* About this task *
Please report how many lines in the records below contain the word "realFieldType", and give nothing else.

(Records from a dataset)
(* Let $d\ge 1$ and let $P\subset\mathbb{R}^d$ be a finite set of $n\ge 1$ points. Then there exists $p\in P$ such that $p\in K$ for every skyline $K$ with $|K\cap P|>(1-\frac{1}{2d-1})n$.
   Context: A skyline in $\mathbb{R}^d$ is a set of the form $\{x\in\mathbb{R}^d: a_j\le x_j\le b_j \text{ for } 1\le j\le d-1,\ x_d\le b_d\}$ with real numbers $a_j\le b_j$ ($1\le j\le d-1$) and $b_d$; i.e., an axis-parallel box that is unbounded in the direction of the negative $x_d$-axis. *)

(* Points of R^d are row vectors 'rV[R]_d over an arbitrary
   real field R (the statement is purely order-theoretic/linear). *)
From HB Require Import structures.
From mathcomp Require Import all_boot all_order all_algebra.
Set Implicit Arguments. Unset Strict Implicit. Unset Printing Implicit Defensive.
Import Order.TTheory GRing.Theory Num.Theory.
Local Open Scope ring_scope.

(* The skyline with parameters a, b : 'rV_d (a_j <= b_j for j < d-1, a_{d-1}
   irrelevant): { x | a_j <= x_j <= b_j for j <> d-1 (0-based), x_{d-1} <= b_{d-1} }. *)
Definition skyline (R : realFieldType) (d : nat) (a b : 'rV[R]_d) : pred 'rV[R]_d :=
  fun x => [forall j : 'I_d,
     if (val j == d.-1)%N then x 0 j <= b 0 j
     else (a 0 j <= x 0 j) && (x 0 j <= b 0 j)].

Definition skyline_params (R : realFieldType) (d : nat) (a b : 'rV[R]_d) : Prop :=
  forall j : 'I_d, (val j != d.-1)%N -> a 0 j <= b 0 j.

From HB Require Import structures.
From mathcomp Require Import all_boot all_order all_algebra.
From mathcomp Require Import zify ring lra.
Set Implicit Arguments. Unset Strict Implicit. Unset Printing Implicit Defensive.
Import Order.TTheory GRing.Theory Num.Theory.
Local Open Scope ring_scope.

(* For a real function f on the
   points and m > 0, call p "deep in direction f" when at least n/m points q
   of P satisfy f q <= f p.  Fewer than n/m points of P are shallow in a given
   direction: the shallow point maximizing f already dominates all of them.
   Hence, for a finite family of m directions, a union bound leaves a point p
   of P that is deep in every direction.  If p is deep in direction f and a
   set K contains no point q with f q <= f p, then K misses at least n/m
   points, i.e. |K /\ P| <= (1 - 1/m) n.
   A skyline in R^d is cut out by the 2d-1 half-spaces x_j <= b_j (all j) and
   a_j <= x_j (j < d-1); a point outside it violates one of them, which gives
   such a direction f among the 2d-1 coordinate directions -x_j and x_j.
   Applying the previous facts with these m = 2d-1 directions proves the
   theorem. *)

Lemma argmax_seq {disp : Order.disp_t} {R : orderType disp} {T : eqType}
    (s : seq T) (f : T -> R) :
  s != [::] -> exists2 x, x \in s & forall y, y \in s -> (f y <= f x)%O.
Proof.
elim: s => [//|x s IH] _.
have [-> | /IH [z zs zmax]] := eqVneq s [::].
  by exists x => [|y]; rewrite mem_seq1 // => /eqP ->.
have [fxz | fzx] := leP (f x) (f z).
- exists z; first by rewrite in_cons zs orbT.
  by move=> y /[!in_cons] /orP [/eqP -> // | /zmax].
- exists x; first by rewrite in_cons eqxx.
  move=> y /[!in_cons] /orP [/eqP -> // | /zmax fyz].
  exact: le_trans fyz (ltW fzx).
Qed.

Lemma count_exists_le {I : finType} {T : Type} (B : I -> pred T) (s : seq T) :
  (count (fun x => [exists i, B i x]) s <= \sum_i count (B i) s)%N.
Proof.
elim: s => [|x s IH] /=; first by rewrite big1.
rewrite big_split leq_add //=.
case: existsP => [[i Bix] | _] //.
by rewrite (bigD1 i) //= Bix.
Qed.

Section Depth.

Variables (R : realFieldType) (T : eqType) (P : seq T).

Definition depth (f : T -> R) (p : T) : nat := count (fun q => f q <= f p) P.

Definition deep (m : nat) (f : T -> R) (p : T) : bool :=
  (size P <= depth f p * m)%N.

Lemma shallow_few (m : nat) (f : T -> R) :
  (0 < size P)%N -> (count (predC (deep m f)) P * m < size P)%N.
Proof.
move=> P_gt0; set shallow := predC _.
have [has_shallow | no_shallow] := boolP (has shallow P); last first.
  by move: no_shallow; rewrite has_count -eqn0Ngt => /eqP ->.
have : filter shallow P != [::] by rewrite -has_filter.
move=> /(@argmax_seq _ _ _ _ f) [p /[!mem_filter] /andP [p_shallow pP] pmax].
apply: leq_ltn_trans (_ : depth f p * m < size P)%N; last by rewrite ltnNge.
rewrite leq_mul2r; apply/orP; right.
have -> : count shallow P = count (fun q => shallow q && (f q <= f p)) P.
  apply: eq_in_count => q qP; case q_shallow: (shallow q) => //=.
  by rewrite pmax // mem_filter; apply/andP.
by apply: sub_count => q /andP [].
Qed.

(* For any finite family of m = #|I| directions there is a point of P that is
   deep in all of them: by the union bound and shallow_few, fewer than |P|
   points of P are shallow in some direction. *)
Lemma exists_deep (I : finType) (f : I -> T -> R) :
  (0 < size P)%N -> exists2 p, p \in P & forall i, deep #|I| (f i) p.
Proof.
move=> P_gt0; set m := #|I|.
pose shallow i := predC (deep m (f i)).
pose bad p := [exists i, shallow i p].
suff few_bad : (count bad P < size P)%N.
  have /hasP [p pP p_good] : has (predC bad) P.
    by rewrite has_count -(ltn_add2l (count bad P)) addn0 count_predC.
  exists p => // i; apply: contraR p_good => p_shallow /=.
  by apply/existsP; exists i.
have [m0 | m_gt0] := posnP m.
  rewrite (@eq_count _ _ pred0) ?count_pred0 // => p.
  by apply/existsP => -[i _]; have := card0_eq m0 i; rewrite !inE.
apply: leq_ltn_trans (count_exists_le shallow P) _.
rewrite -(ltn_pmul2r m_gt0) big_distrl /=.
apply: (@leq_ltn_trans (\sum_(i : I) (size P).-1)).
  by apply: leq_sum => i _; rewrite -ltnS prednK //; exact: shallow_few.
by rewrite sum_nat_const -[#|xpredT|]/m mulnC ltn_pmul2r // ltn_predL.
Qed.

Lemma deep_blocks (m : nat) (f : T -> R) (p : T) (K : pred T) :
  (0 < m)%N -> deep m f p -> (forall q, f q <= f p -> ~~ K q) ->
  (count K P)%:R <= (1 - 1 / m%:R) * (size P)%:R :> R.
Proof.
move=> m_gt0 p_deep K_above.
have K_disjoint : (count K P + depth f p <= size P)%N.
  by rewrite -(count_predC K P) leq_add2l; apply: sub_count => q /= /K_above.
have m_pos : 0 < m%:R :> R by rewrite ltr0n.
have depth_large : (size P)%:R / m%:R <= (depth f p)%:R :> R.
  by rewrite ler_pdivrMr // -natrM ler_nat.
have K_small : (count K P)%:R + (depth f p)%:R <= (size P)%:R :> R.
  by rewrite -natrD ler_nat.
have -> : (1 - 1 / m%:R) * (size P)%:R = (size P)%:R - (size P)%:R / m%:R :> R.
  by field; rewrite pnatr_eq0 -lt0n.
lra.
Qed.

End Depth.

Section SkylineDirections.

Variables (R : realFieldType) (d : nat).

(* The 2d-1 coordinate directions of R^(d+1) attached to skylines: -x_j for
   every coordinate j (upper bounds) and x_j for the d coordinates j other
   than the last one (lower bounds), the latter indexed through lift ord_max. *)
Definition direction (i : 'I_d.+1 + 'I_d) : 'rV[R]_d.+1 -> R :=
  match i with
  | inl j => fun x => - x 0 j
  | inr k => fun x => x 0 (lift ord_max k)
  end.

Lemma card_direction : #|{: 'I_d.+1 + 'I_d}| = (2 * d.+1 - 1)%N.
Proof. by rewrite card_sum !card_ord; lia. Qed.

Lemma lift_max_neq (k : 'I_d) : (val (lift ord_max k) == d) = false.
Proof. by rewrite /= /bump leqNgt ltn_ord add0n ltn_eqF. Qed.

Lemma skyline_upper {a b q : 'rV[R]_d.+1} (j : 'I_d.+1) :
  skyline a b q -> q 0 j <= b 0 j.
Proof. by move=> /forallP /(_ j); case: ifP => // _ /andP []. Qed.

Lemma skyline_lower {a b q : 'rV[R]_d.+1} (k : 'I_d) :
  skyline a b q -> a 0 (lift ord_max k) <= q 0 (lift ord_max k).
Proof.
by move=> /forallP /(_ (lift ord_max k)); rewrite lift_max_neq => /andP [].
Qed.

(* A point outside a skyline violates one of its defining inequalities, so
   in the corresponding direction the whole skyline lies strictly above it. *)
Lemma skyline_escape (a b p : 'rV[R]_d.+1) : ~~ skyline a b p ->
  exists i, forall q, direction i q <= direction i p -> ~~ skyline a b q.
Proof.
have upper_escape j : b 0 j < p 0 j ->
    exists i, forall q, direction i q <= direction i p -> ~~ skyline a b q.
  move=> bp; exists (inl j) => q /=; rewrite lerN2 => pq.
  apply/negP => /(skyline_upper j) qb.
  by move: (lt_le_trans bp (le_trans pq qb)); rewrite ltxx.
have lower_escape k : p 0 (lift ord_max k) < a 0 (lift ord_max k) ->
    exists i, forall q, direction i q <= direction i p -> ~~ skyline a b q.
  move=> pa; exists (inr k) => q /= qp.
  apply/negP => /(skyline_lower k) aq.
  by move: (lt_le_trans pa (le_trans aq qp)); rewrite ltxx.
rewrite /skyline negb_forall => /existsP [j].
have [k -> | ->] := unliftP ord_max j.
- rewrite lift_max_neq negb_and -!ltNge.
  by case/orP => [/lower_escape | /upper_escape].
- by rewrite /= eqxx -ltNge => /upper_escape.
Qed.

End SkylineDirections.

Theorem corollary2 (R : realFieldType) (d : nat) (P : seq 'rV[R]_d) :
  (1 <= d)%N -> uniq P -> (1 <= size P)%N ->
  exists2 p, p \in P &
    forall a b : 'rV[R]_d, skyline_params a b ->
      (1 - 1 / ((2 * d - 1)%N)%:R : R) * (size P)%:R < (count (skyline a b) P)%:R ->
      skyline a b p.
Proof.
case: d P => [//|d] P _ _ P_gt0.
have [p pP p_deep] := exists_deep (@direction R d) P_gt0.
exists p => // a b _ K_large; apply/negPn/negP => p_out.
have [i K_above] := skyline_escape p_out.
have m_gt0 : (0 < #|{: 'I_d.+1 + 'I_d}|)%N by rewrite card_direction; lia.
have := deep_blocks m_gt0 (p_deep i) K_above.
by rewrite card_direction leNgt K_large.
Qed.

* Task response *
5